First quarter sales at Houghton Mifflin Harcourt’s trade segment inched ahead 0.6% in the first quarter ended March 31, over the first period of 2017. While sales moved up slightly, to $36.7 million, the net loss also rose modestly. The latter his $4.3 million in the quarter, compared to $4.1 million a year ago.

HMH attributed the sales rise to “higher licensing income along with print title sales such as the Instant Pot series and Whole30 series.” The dip in earnings was largely to a change in the sales product mix—last year HMH sold lots of The Handmaid’s Tale and 1984 e-books, which have higher margins than print.

Revenue in HMH’s education division fell 1.3% in the quarter, compared to 2017, dropping to $183.0 million. The group’s net loss, however, was cut to $59.3 million from $70 million in the first quarter of 2017.

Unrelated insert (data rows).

Lemma is_dmax_restr_eq g a b j : (b, b) \in g -> leM a b -> is_dmax lt (restr lt g a b) j -> j = b.
Proof.
move=> bg ab /andP [/dom_restr /andP [_ jb] /allP /(_ b)].
rewrite (mem_dom (y := b)) ?mem_restr ?bg ?ab ?leMxx // => /(_ isT) /orP [/eqP //|bj].
by move: jb; rewrite /leM bj.
Qed.

Lemma ess_restr g G a b x : piso G -> pext G g -> (a, a) \in g -> (b, b) \in g ->
  leM a b -> ess lt (restr lt g a b) x -> [/\ lt a x, lt x b & x \in pts g].
Proof.
move=> pG gG ag bg ab /andP [/andP [hx xmin] xmax].
have [ax xb] : leM a x /\ leM x b.
  case/orP: hx => [/dom_restr /andP [] //|/ranP [z /(pext_restr gG)]].
  by case/(mem_restr_ran pG (gG _ ag) (gG _ bg)) => _ -> ->.
split.
- rewrite ltM_leM_neq //; apply: contraNneq xmin => <-; exact: is_dmin_restr.
- rewrite ltM_leM_neq //; apply: contraNneq xmax => ->; exact: is_dmax_restr.
- case/orP: hx => [/domP [y]|/ranP [y]] /restr_sub; [exact: mem_pts_dom|exact: mem_pts_ran].
Qed.

Lemma essI g a b x : piso g -> (a, a) \in g -> (b, b) \in g ->
  x \in pts g -> lt a x -> lt x b -> ess lt (restr lt g a b) x.
Proof.
move=> pg ag bg hx ax xb; have ab := ltMW (ltM_trans ax xb).
rewrite /ess -andbA; apply/and3P; split.
- move: hx; rewrite mem_cat => /orP [/domP [y h]|/ranP [y h]].
    by rewrite (mem_dom (y := y)) // mem_restr h (ltMW ax) (ltMW xb).
  by apply/orP; right; apply: (mem_ran (x := y)); apply: restrI => //; apply: ltMW.
- apply/negP => /andP [_ /allP /(_ a)]; rewrite (mem_dom (y := a)) ?mem_restr ?ag ?ab ?leMxx //.
  by move/(_ isT); rewrite eq_sym -leM_eqVlt /leM ax.
- apply/negP => /andP [_ /allP /(_ b)]; rewrite (mem_dom (y := b)) ?mem_restr ?bg ?ab ?leMxx //.
  by move/(_ isT); rewrite -leM_eqVlt /leM xb.
Qed.
Lemma vleD (a b c e : Y) : vle S a b -> vle S c e -> vle S (a + c) (b + e).
Proof.
move=> hab hce; apply: (vle_trans (vle_add c hab)).
by rewrite !(addrC b); exact: vle_add.
Qed.

Lemma subv_ge0 (a b : Y) : vle S 0 (b - a) <-> vle S a b.
Proof.
split=> h; first by have := vle_add a h; rewrite add0r subrK.
by have := vle_add (- a) h; rewrite subrr.
Qed.

Lemma vle_scale2r (s t : R) (v : Y) : s <= t -> vle S 0 v -> vle S (s *: v) (t *: v).
Proof.
move=> st v0; apply/subv_ge0; rewrite -scalerBl.
have ts : 0 <= t - s by rewrite subr_ge0.
by have := vle_scale ts v0; rewrite scaler0.
Qed.

Lemma vltW (a b : Y) : vlt S a b -> vle S a b.
Proof. by case=> U [_ [UK Uba]]; apply/subv_ge0; exact: UK. Qed.

(* Translations are homeomorphisms for the convergence, by (C1). *)
Lemma vle_vlt_trans (a b c : Y) : vle S a b -> vlt S b c -> vlt S a c.
Proof.
move=> /subv_ge0 hab [U [Uo [UK Ucb]]].
exists (fun y => U (y - (b - a))); split; last split.
- by move=> xs x hx Ux; exact: Uo _ _ (conv_add hx (conv_cst _)) Ux.
- by move=> y /UK h; apply: vle_trans hab _; apply/subv_ge0.
- by rewrite opprB addrA subrK.
Qed.

Lemma vltD2r (a b k : Y) : vlt S a b -> vlt S (a + k) (b + k).
Proof. by rewrite /vlt opprD addrACA subrr addr0. Qed.
(* Let $R$ be a ring. Then $R$ is feckly clean if and only if for any two distinct maximal ideals $M$ and $N$ of $R$ there exists $e\in R$ such that $e\in M$, $1-e\in N$ and $eR(1-e)\subseteq J(R)$.
   Context: Rings are associative with identity, not necessarily commutative; $J(R)$ is the Jacobson radical; maximal ideals are two-sided. An element $u\in R$ is full if $RuR=R$. An element $a\in R$ is feckly clean if there exist $e\in R$ and a full element $u\in R$ with $a=e+u$ and $eR(1-e)\subseteq J(R)$; $R$ is feckly clean if every element is feckly clean. *)

From HB Require Import structures.
From mathcomp Require Import all_boot all_order all_algebra.
Set Implicit Arguments. Unset Strict Implicit. Unset Printing Implicit Defensive.
Import GRing.Theory.
Local Open Scope ring_scope.

Definition left_ideal (R : pzRingType) (I : R -> Prop) : Prop :=
  I 0 /\ (forall x y, I x -> I y -> I (x + y)) /\ (forall x, I x -> I (- x)) /\
  (forall r x, I x -> I (r * x)).

Definition ideal (R : pzRingType) (I : R -> Prop) : Prop :=
  left_ideal I /\ (forall x r, I x -> I (x * r)).

Definition proper (R : pzRingType) (I : R -> Prop) : Prop := exists x, ~ I x.

Definition maximal_left_ideal (R : pzRingType) (M : R -> Prop) : Prop :=
  left_ideal M /\ proper M /\
  forall I : R -> Prop, left_ideal I -> proper I -> (forall x, M x -> I x) ->
    forall x, I x -> M x.

Definition maximal_ideal (R : pzRingType) (M : R -> Prop) : Prop :=
  ideal M /\ proper M /\
  forall I : R -> Prop, ideal I -> proper I -> (forall x, M x -> I x) ->
    forall x, I x -> M x.

Definition jacobson (R : pzRingType) (x : R) : Prop :=
  forall M : R -> Prop, maximal_left_ideal M -> M x.

(* RuR : the two-sided ideal generated by u (finite sums of a u b). *)
Definition RuR (R : pzRingType) (u x : R) : Prop :=
  exists s : seq (R * R), x = \sum_(p <- s) (p.1 * u * p.2).

Definition full (R : pzRingType) (u : R) : Prop := forall x : R, RuR u x.

Definition eR1e_in_J (R : pzRingType) (e : R) : Prop :=
  forall r : R, jacobson (e * r * (1 - e)).

Definition feckly_clean_elt (R : pzRingType) (a : R) : Prop :=
  exists e u : R, a = e + u /\ full u /\ eR1e_in_J e.

Definition feckly_clean (R : pzRingType) : Prop :=
  forall a : R, feckly_clean_elt a.

From Pilot Require Import Defs.
From HB Require Import structures.
From mathcomp Require Import all_boot all_order all_algebra.
From mathcomp Require Import boolp classical_sets.
Import GRing.Theory.
Local Open Scope classical_set_scope.
Local Open Scope ring_scope.

(* An element e with eR(1 - e) in J(R) behaves like an idempotent modulo every
   maximal ideal M: since maximal ideals are prime and contain J(R), M contains
   exactly one of e and 1 - e.  Such elements therefore cut the maximal spectrum
   into complementary clopen pieces, and they are closed under complement and
   product, hence under finite joins.
   If R is feckly clean and M <> N, write n = e + u with n in N, m + n = 1 with
   m in M, and u full: then u lies in neither M nor N, which forces e in M and
   1 - e in N.
   Conversely, if such pieces separate any two maximal ideals, compactness of the
   maximal spectrum (Krull's lemma applied to a suitable ideal of "covered"
   elements) separates first a point from the closed set of maximal ideals
   containing a, then the two disjoint closed sets of maximal ideals containing a
   and 1 - a.  The resulting e leaves a - e in no maximal ideal, so a - e is full. *)

Lemma ex_maximal_superset (T : Type) (P : set (set T)) (X0 : set T) : P X0 ->
  (forall F : set (set T), F !=set0 -> F `<=` P -> total_on F subset ->
     P (\bigcup_(X in F) X)) ->
  exists A, [/\ P A, X0 `<=` A & forall B, P B -> A `<=` B -> B `<=` A].
Proof.
move=> PX0 Pchain; pose S := {X : set T | P X /\ X0 `<=` X}.
pose S0 : S := exist _ X0 (conj PX0 (@subset_refl _ X0)).
have [|||[A [PA X0A]] Amax] := @ZL_preorder S S0 (fun X Y => `[< sval X `<=` sval Y >]).
- by move=> X; apply/asboolP.
- by move=> X Y Z /asboolP XY /asboolP YZ; apply/asboolP; apply: subset_trans YZ.
- move=> C Ctot; have [[X1 CX1]|C0] := pselect (exists X, C X); last first.
    by exists S0 => X CX; case: C0; exists X.
  have PF : P (\bigcup_(X in sval @` C) X).
    apply: Pchain; first by exists (sval X1); exists X1.
      by move=> _ [X _ <-]; case: (svalP X).
    move=> _ _ [X CX <-] [Y CY <-].
    by case: (Ctot X Y CX CY) => /asboolP; [left|right].
  have X0F : X0 `<=` \bigcup_(X in sval @` C) X.
    by move=> t X0t; exists (sval X1); [exists X1|case: (svalP X1) => _; apply].
  exists (exist _ (\bigcup_(X in sval @` C) X) (conj PF X0F)) => X CX; apply/asboolP => t Xt.
  by exists (sval X); first exists X.
exists A; split => // B PB AB.
have X0B : X0 `<=` B by apply: subset_trans AB.
by have /asboolP := Amax (exist _ B (conj PB X0B)) (asboolT AB).
Qed.

Section Ideals.
Context {R : pzRingType}.
Implicit Types (x y r s : R) (I K L M : set R).

Lemma left_ideal_intro {I} : I 0 -> (forall x y, I x -> I y -> I (x + y)) ->
  (forall r x, I x -> I (r * x)) -> left_ideal I.
Proof.
by move=> I0 ID IM; split; [|split; [|split]] => // x Ix; rewrite -mulN1r; apply: IM.
Qed.

Lemma ideal_intro {I} : I 0 -> (forall x y, I x -> I y -> I (x + y)) ->
  (forall r x, I x -> I (r * x)) -> (forall x r, I x -> I (x * r)) -> ideal I.
Proof. by move=> I0 ID IMl IMr; split => //; apply: left_ideal_intro. Qed.

Section LeftIdeal.
Context {I : set R} (HI : left_ideal I).

Lemma left_ideal0 : I 0.
Proof. by case: HI. Qed.
Lemma left_idealD {x y} : I x -> I y -> I (x + y).
Proof. by case: HI => _ [ID _]; apply: ID. Qed.
Lemma left_idealN {x} : I x -> I (- x).
Proof. by case: HI => _ [_ [IN _]]; apply: IN. Qed.
Lemma left_idealMl {r x} : I x -> I (r * x).
Proof. by case: HI => _ [_ [_ IM]]; apply: IM. Qed.
Lemma left_idealB {x y} : I x -> I y -> I (x - y).
Proof. by move=> Ix Iy; apply: left_idealD => //; apply: left_idealN. Qed.

Lemma left_ideal_1 : I 1 -> I = setT.
Proof.
by move=> I1; apply/seteqP; split=> [x _ //|x _]; rewrite -[x]mulr1; apply: left_idealMl.
Qed.

Lemma left_ideal_proper : Defs.proper I <-> ~ I 1.
Proof.
split=> [[x nIx] I1|nI1]; last by exists 1.
by apply: nIx; rewrite (left_ideal_1 I1).
Qed.

Lemma left_ideal_compl {x} : Defs.proper I -> I x -> ~ I (1 - x).
Proof.
by move=> /left_ideal_proper nI1 Ix I1x; apply: nI1; rewrite -(subrK x 1); apply: left_idealD.
Qed.
(* For any topologically reasonable pointclass $\Gamma$, $\Gamma(\mathbb{D})$ implies $\Gamma(\mathbb{C})$; that is, if every set in $\Gamma$ has the Baire property with respect to the dominating topology $\mathcal{D}$ on $\omega^\omega$, then every set in $\Gamma$ has the Baire property with respect to the standard (Baire space, resp. Cantor space) topology.
   Context: For $N\in\omega$ and $f\in\omega^\omega$ put $[N,f]=\{x\in\omega^\omega: f{\restriction}N\subseteq x \text{ and } x(n)\ge f(n)\text{ for all }n\}$. The sets $[N,f]$ form a base of a topology $\mathcal{D}$ on $\omega^\omega$, the dominating topology (it refines the usual Baire space topology). $\mathbb{D}$ (Hechler forcing) is $\omega\times\omega^\omega$ with $(N,f)\le(M,g)$ iff $N\ge M$, $f{\restriction}M=g{\restriction}M$ and $f\ge g$ pointwise; $\mathbb{C}$ is Cohen forcing $\omega^{<\omega}$ (or $2^{<\omega}$) ordered by reverse inclusion. $\Gamma(\mathbb{D})$ means every set in $\Gamma$ (of subsets of $\omega^\omega$) has the Baire property in $\mathcal{D}$; $\Gamma(\mathbb{C})$ means every set in $\Gamma$ has the Baire property in the usual topology of $\omega^\omega$ or $2^\omega$. A pointclass $\Gamma$ is topologically reasonable if it is closed under continuous preimages and $A\cap Q\in\Gamma$ whenever $A\in\Gamma$ and $Q$ is closed. *)

From Stdlib Require Import Arith.

Definition baire := nat -> nat.
Definition pset := baire -> Prop.

Definition agree (n : nat) (x y : baire) : Prop := forall i, i < n -> x i = y i.

Definition open_std (U : pset) : Prop :=
  forall x, U x -> exists n, forall y, agree n x y -> U y.
Definition closed_std (Q : pset) : Prop := open_std (fun x => ~ Q x).
Definition continuous_std (f : baire -> baire) : Prop :=
  forall x n, exists m, forall y, agree m x y -> agree n (f x) (f y).

Definition dom_basic (N : nat) (f : baire) : pset :=
  fun x => agree N f x /\ forall n, f n <= x n.
Definition open_dom (U : pset) : Prop :=
  forall x, U x -> exists N f, dom_basic N f x /\ forall y, dom_basic N f y -> U y.

Section Category.
Variable op : pset -> Prop.

Definition closure (A : pset) : pset :=
  fun x => forall U, op U -> U x -> exists y, U y /\ A y.
Definition nowhere_dense (A : pset) : Prop :=
  forall U, op U -> (forall x, U x -> closure A x) -> forall x, ~ U x.
Definition meager (A : pset) : Prop :=
  exists F : nat -> pset, (forall k, nowhere_dense (F k)) /\
    forall x, A x -> exists k, F k x.
Definition baire_property (A : pset) : Prop :=
  exists U, op U /\ meager (fun x => ~ (A x <-> U x)).
End Category.

Definition pointclass := pset -> Prop.

Definition topologically_reasonable (G : pointclass) : Prop :=
  (forall A f, G A -> continuous_std f -> G (fun x => A (f x))) /\
  (forall A Q, G A -> closed_std Q -> G (fun x => A x /\ Q x)).

Definition Gamma_D (G : pointclass) : Prop :=
  forall A, G A -> baire_property open_dom A.
Definition Gamma_C (G : pointclass) : Prop :=
  forall A, G A -> baire_property open_std A.

From Stdlib Require Import Arith Lia List Classical ClassicalEpsilon FunctionalExtensionality.
From Stdlib Require Cantor.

The small sales decline was attributed to lower net sales of reading programs in the third year of California’s English Language Arts adoption as well as the non-recurrence of the $5 million one-time fee HMH recognized last year. That decline was offset in part by higher sales at HMH’s Heinemann unit, which focuses on intervention, supplemental and assessment products as well as professional services.

In a prepared statement, HMH CEO termed the first quarter results “solid” start to the year. HMH’s CFO, Joe Abbott, said the good start combined with expectations for the remainder of 2018 give the publisher confidence it will meet its financial targets for the year.